Accanto ad Eracle, ad Armento sembra attestata un’ulteriore figura maschile divina,
Dioniso, che allude simbolicamente al simposio, alla sessualità e alla fertilità. Al dio del
vino rimandano infatti due oggetti particolari in bronzo, entrambi rinvenuti nel sacello
e costituiti da un kantharos, di cui resta solo il piede, e dalla parte inferiore di un otre. Il
primo oggetto è l’attributo per eccellenza di Dioniso, mentre l’otre, contenitore del vino
puro, è associato anche a personaggi del thiasos dionisiaco, soprattutto satiri e sileni.
Alquanto problematica appare la presenza di un culto prestato ad una divinità femminile all’interno del santuario; ad esso rimandano esigue testimonianze rappresentate da
una statuetta di divinità femminile velata seduta in trono, dai due busti fittili e da un
probabile scettro bronzeo desinente in bocciolo di fiore di melograno, pianta particolarmente legata a Kore-Persefone, dea connessa al ciclo naturale vita-morte e agrario.

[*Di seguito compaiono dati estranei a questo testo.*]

Lemma trpair_cochain_of_cV M N (Z : A -> 'M[K]_(pdim M, pdim N)) c :
  trpair Z (cochain_of_cV c) = (cochain_vec Z *m c) 0 0.
Proof.
transitivity (\sum_a \tr (Z a *m (cV_slice c a)^T)).
  rewrite big_sumType /= /trpair -big_split; apply: eq_bigr => h _ /=.
  by rewrite mulmxN raddfN opprK.
rewrite mxvec_mul_col (reindex enum_rank) /=; last first.
  by exists enum_val => a _; rewrite ?enum_rankK ?enum_valK.
apply: eq_bigr => a _; rewrite mxtrace_mul_trmx.
rewrite [RHS](reindex _ (curry_mxvec_bij _ _)) /= pair_bigA.
by apply: eq_bigr => [[i j]] _ /=; rewrite !mxE mxvecE enum_rankK.
Qed.

Section CoboundaryMatrix.
Variables M N : pimod.

Definition d0_vec (v : 'rV[K]_(pdim M * pdim N)) := cochain_vec (d0 (pi0 (vec_mx v))).

Fact d0_vec_is_linear : linear d0_vec.
Proof.
move=> k u v; rewrite /d0_vec !linearP -cochain_vec_lin /cochain_vec.
congr mxvec; apply/matrixP => r j; rewrite !mxE /d0.
by rewrite mulmxDr mulmxDl -scalemxAr -scalemxAl scalerBr addrBB.
Qed.
HB.instance Definition _ := GRing.isLinear.Build K _ _ *:%R d0_vec d0_vec_is_linear.

Lemma mxvec_mul_d0 (X : 'M[K]_(pdim M, pdim N)) :
  graded X -> mxvec X *m lin1_mx d0_vec = cochain_vec (d0 X).
Proof. by move=> gX; rewrite mul_rV_lin1 /= /d0_vec mxvecK graded_pi0. Qed.

Lemma d1_cochain_of_ker c :
  lin1_mx d0_vec *m c = 0 -> d1 (pi1 (cochain_of_cV c)) = 0.
Proof.
(* For graded [X] and [W := pi1 (cochain_of_cV c)], the trace [\tr (X *m d1 W)]
   is [- (mxvec X *m lin1_mx d0_vec *m c) 0 0]. *)
move=> Bc; apply: pi0_trace_nondeg => [|X gX]; first exact/pi0_d1/pi1_cochain.
apply/eqP; rewrite -oppr_eq0 -trpair_d0 -trpair_pi1.
rewrite (trpair_ext (d0_cochain gX) (fun=> erefl)) trpair_cochain_of_cV.
by rewrite -mxvec_mul_d0 // -mulmxA Bc mulmx0 mxE.
Qed.

Lemma cobound_of_trpair0 (Z : A -> 'M[K]_(pdim M, pdim N)) : cochain Z ->
  (forall W, cochain W -> d1 W = 0 -> trpair Z W = 0) ->
  exists2 X, graded X & forall a, Z a = d0 X a.
Proof.
move=> cZ orthZ.
have /submxP[v Zv] : (cochain_vec Z <= lin1_mx d0_vec)%MS.
  apply: submx_orthogonal => c Bc; apply/matrixP => i j; rewrite !ord1 [RHS]mxE.
  rewrite -trpair_cochain_of_cV (trpair_ext (fun a => esym (cZ a)) (fun=> erefl)).
  by rewrite trpair_pi1 orthZ //; [apply: pi1_cochain | apply: d1_cochain_of_ker].
exists (pi0 (vec_mx v)); first exact: pi0_graded.
by apply: cochain_vec_inj; rewrite Zv mul_rV_lin1.
Qed.

End CoboundaryMatrix.

Definition H1zero M N := forall Z : A -> 'M[K]_(pdim M, pdim N), cochain Z -> d1 Z = 0 ->
  exists2 X, graded X & forall a, Z a = d0 X a.

Lemma H1zero_of_isotropic M (P : (A -> 'M[K]_(pdim M)) -> Prop) :
  (forall Z, cochain Z -> d1 Z = 0 -> exists2 X, graded X & P (fun a => Z a - d0 X a)) ->
  (forall Z W, P Z -> P W -> trpair Z W = 0) ->
  H1zero M M.
Proof.
move=> reduce isotropic Z cZ dZ; apply: (cobound_of_trpair0 cZ) => W cW dW.
have [X _ PZ] := reduce Z cZ dZ; have [Y _ PW] := reduce W cW dW.
by rewrite -(trpair_cobound X Y dZ dW) isotropic.
Qed.

Section ShortExact.
Variables (N E M : pimod) (f : 'M[K]_(pdim N, pdim E)) (g : 'M[K]_(pdim E, pdim M)).
Hypothesis fg_ses : pises f g.

Lemma pises_mul0 : f *m g = 0.
Proof. by case: fg_ses => _ _ _ _ /eqmxP kerg; apply/sub_kermxP; rewrite -kerg. Qed.

Lemma pises_section : exists2 sg, graded sg & sg *m g = 1%:M.
Proof.
case: fg_ses => _ [gi _] _ /row_fullP[sg0 sg0K] _.
exists (pi0 sg0); first exact: pi0_graded.
rewrite /pi0 mulmx_suml -pidem_sum; apply: eq_bigr => i _.
by rewrite -mulmxA gi mulmxA -(mulmxA _ sg0) sg0K mulmx1 pidem_idem.
Qed.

All’universo femminile, al mundus muliebris allude l’offerta di ornamenti miniaturizzati, quali le fibule e l’armilla; alla cura del corpo afferiscono strumenti da toeletta,
quali le spatoline, gli unguentari, una cista e il lebes gamikos. Chiaro è inoltre il riferimento alle consuete occupazioni della donna all’interno della casa (oikos) ed in particolare all’attività della tessitura e della filatura, come evidenziato dalle fuseruole e dai
numerosi pesi da telaio sparsi in tutta l’area del santuario. Il motivo della filatura e
della tessitura sulle raffigurazioni greche (ceramiche e stele funerarie) e il rinvenimento di alcuni utensili riferibili a tali attività in santuari della Grecia sono stati ricollegati al delicato momento di transizione delle fanciulle prossime al matrimonio.

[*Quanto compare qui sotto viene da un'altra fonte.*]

Lemma realify_scaleDl v : {morph realify_scale^~ v : a b / a + b}.
Proof. by move=> a b; rewrite /realify_scale rmorphD scalerDl. Qed.

HB.instance Definition _ := GRing.Zmodule_isLmodule.Build R realify
  realify_scaleA realify_scale1 realify_scaleDr realify_scaleDl.

Lemma realify_subspace (D : set V) : subspace D -> subspace (D : set realify).
Proof. by case=> D0 DL; split=> // a x y; exact: DL. Qed.

Variables (ip : V -> V -> R[i]).
Hypothesis ipP : is_inner_product Num.conj ip.

Definition re_ip (u v : realify) : R := complex.Re (ip u v).

Lemma re_ip_ge0 x : 0 <= re_ip x x.
Proof. by have := ip_ge0 ipP x; rewrite lecE => /andP[]. Qed.

Lemma re_ip_inner_product : is_inner_product id re_ip.
Proof.
case: ipP => lin ipC ip_ge0 ip_eq0; split.
- move=> a x y z; rewrite /re_ip /= lin.
  by case: (ip x z) (ip y z) => [u1 u2] [v1 v2]; rewrite /= mul0r subr0.
- by move=> x y; rewrite /re_ip ipC; case: (ip y x).
- exact: re_ip_ge0.
- move=> x; rewrite /re_ip => rex0; apply: ip_eq0.
  have := ip_ge0 x; rewrite lecE => /andP[/eqP imx _].
  by apply/eqP; rewrite eq_complex rex0 -imx /= !eqxx.
Qed.

Lemma re_ip_normE x (e : R[i]) : 0 < e ->
  (`|ip x x| < e) = (`|re_ip x x| < complex.Re e).
Proof. by move=> e0; rewrite normc_ge0_ltE ?(ip_ge0 ipP) // ger0_norm ?re_ip_ge0. Qed.

Lemma re_ip_complete : ip_complete ip -> ip_complete re_ip.
Proof.
move=> ipc u u_cauchy; have [x u_x] : exists x, ip_cvg ip u x.
  apply: ipc => e e0; have [N HN] := u_cauchy _ (gtc0_Re e0).
  by exists N => n m Nn Nm; rewrite re_ip_normE // HN.
exists x => e e0; have eC : 0 < (e%:C)%C by rewrite ltcR.
by have [N HN] := u_x _ eC; exists N => n Nn; rewrite -(re_ip_normE _ eC) HN.
Qed.

Lemma re_ip_orthogonal (D : set V) :
  subspace D -> orthogonal_trivial ip D -> orthogonal_trivial re_ip D.
Proof.
move=> [D0 DL] Dperp z zperp; apply: Dperp => h Dh.
have Dih : D ('i%C *: h) by rewrite -[_ *: h]addr0; exact: DL.
move: (zperp h Dh) (zperp _ Dih); rewrite /re_ip (ipZl ipP).
case: (ip h z) => a b /= ->; rewrite !mul0r mul1r sub0r.
by move=> /eqP; rewrite oppr_eq0 => /eqP ->.
Qed.

End Realify.

Theorem ip_dense_complex (R : realType) (V : lmodType R[i]) (ip : V -> V -> R[i])
  (D : set V) :
  hilbert Num.conj ip -> subspace D -> orthogonal_trivial ip D -> ip_dense ip D.
Proof.
move=> [ipP ipc] DP Dperp x e e0.
have := ip_dense_real (re_ip_inner_product ipP) (re_ip_complete ipP ipc)
  (realify_subspace DP) (re_ip_orthogonal ipP DP Dperp).
by move=> /(_ x _ (gtc0_Re e0)) [d Dd lt]; exists d; rewrite // re_ip_normE.
Qed.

Sia alla sfera femminile che a quella maschile si riferiscono probabilmente le statuette
di offerente con leprotto, animale caro ad Afrodite e che nell’immaginario greco rappresenta uno dei doni erotici per eccellenza. Strettamente connessi con i rituali iniziatici, in quanto simbolo di rinascita a nuova vita, sono l’uovo bronzeo, ritrovato nel
sacello, e i resti di autentiche uova di volatili, all’interno dei due busti in terracotta,
collocati insieme alle altre stauette, in una teca nella sala per banchetti della terrazza
superiore. Nei riti di passaggio è, infatti, fondamentale la funzione ideologica della
morte simbolica (morte iniziatica) che diventa momento di transizione verso una
nuova condizione, una nuova “vita”.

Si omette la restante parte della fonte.